Collection entries:

(* Injectivity: equal doubled maps have equal cocycles, so equal phi's. *)
Lemma phi'_inj g h : phi' g = phi' h -> g = h.
Proof.
move=> E; apply: phi_emb.2.2; apply: functional_extensionality => z.
have Ec := doubled_inj ab (coc_cont g) (coc_cont h) E.
by rewrite (cocP g).2 (cocP h).2 Ec.
Qed.

Lemma phi'_embedding : embedding mul phi'.
Proof. by split; [exact: phi'_TFG | split; [exact: phi'_mul | exact: phi'_inj]]. Qed.

Lemma phi'_plookahead alpha :
  has_plookahead phi alpha -> has_plookahead phi' (double_lookahead alpha).
Proof.
move=> [alpha0 pla]; split=> // g phi'g_nid c Hc.
rewrite (cocycle_uniq ab Hc (phi'_cocycle g)).
have phig_nid : phi g <> id.
  by move=> E; apply: phi'g_nid; rewrite /phi' (coc_trivial E) doubled_zero.
have [n [n1 [z [p [p_bd [per bound]]]]]] := pla g phig_nid _ (cocP g).
exact: double_lookahead_witness alpha0 n1 p_bd per bound.
Qed.

Lemma phi'_even g c : cocycle_of (phi' g) c -> forall x, (2 %| c x)%Z.
Proof. by move=> Hc x; rewrite (cocycle_uniq ab Hc (phi'_cocycle g)); apply: dvdz_mulr. Qed.

End DoubledEmbedding.

Local Close Scope ring_scope.

Theorem mainTheorem5 (G : Type) (mul : G -> G -> G) (one : G) (inv : G -> G) :
  is_group mul one inv ->
  in_Gplin mul ->
  exists (S : finType) (phi : G -> conf S -> conf S) (alpha : nat -> nat),
    alphabet S /\ embedding mul phi /\ has_plookahead phi alpha /\ linear_fun alpha /\
    (forall (g : G) (c : conf S -> int), cocycle_of (phi g) c ->
       forall x : conf S, (2 %| c x)%Z).
Proof.
move=> G_group [S [phi [alpha [alph [emb [pla lin]]]]]].
have [a [b [_ _ ab]]] := card_gt1P alph.
exists S, (phi' emb), (double_lookahead alpha).
split; first exact: alph.
split; first exact: (phi'_embedding G_group ab emb).
split; first exact: (phi'_plookahead ab emb pla).
split; first exact: (linear_double_lookahead lin).
move=> g c; exact: (phi'_even ab).
Qed.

Task item ->
Only a verbatim transcription of the lines from the one containing "exists S, (phi'" through the last line of the records counts as the answer.

Answer below ->
exists S, (phi' emb), (double_lookahead alpha).
split; first exact: alph.
split; first exact: (phi'_embedding G_group ab emb).
split; first exact: (phi'_plookahead ab emb pla).
split; first exact: (linear_double_lookahead lin).
move=> g c; exact: (phi'_even ab).
Qed.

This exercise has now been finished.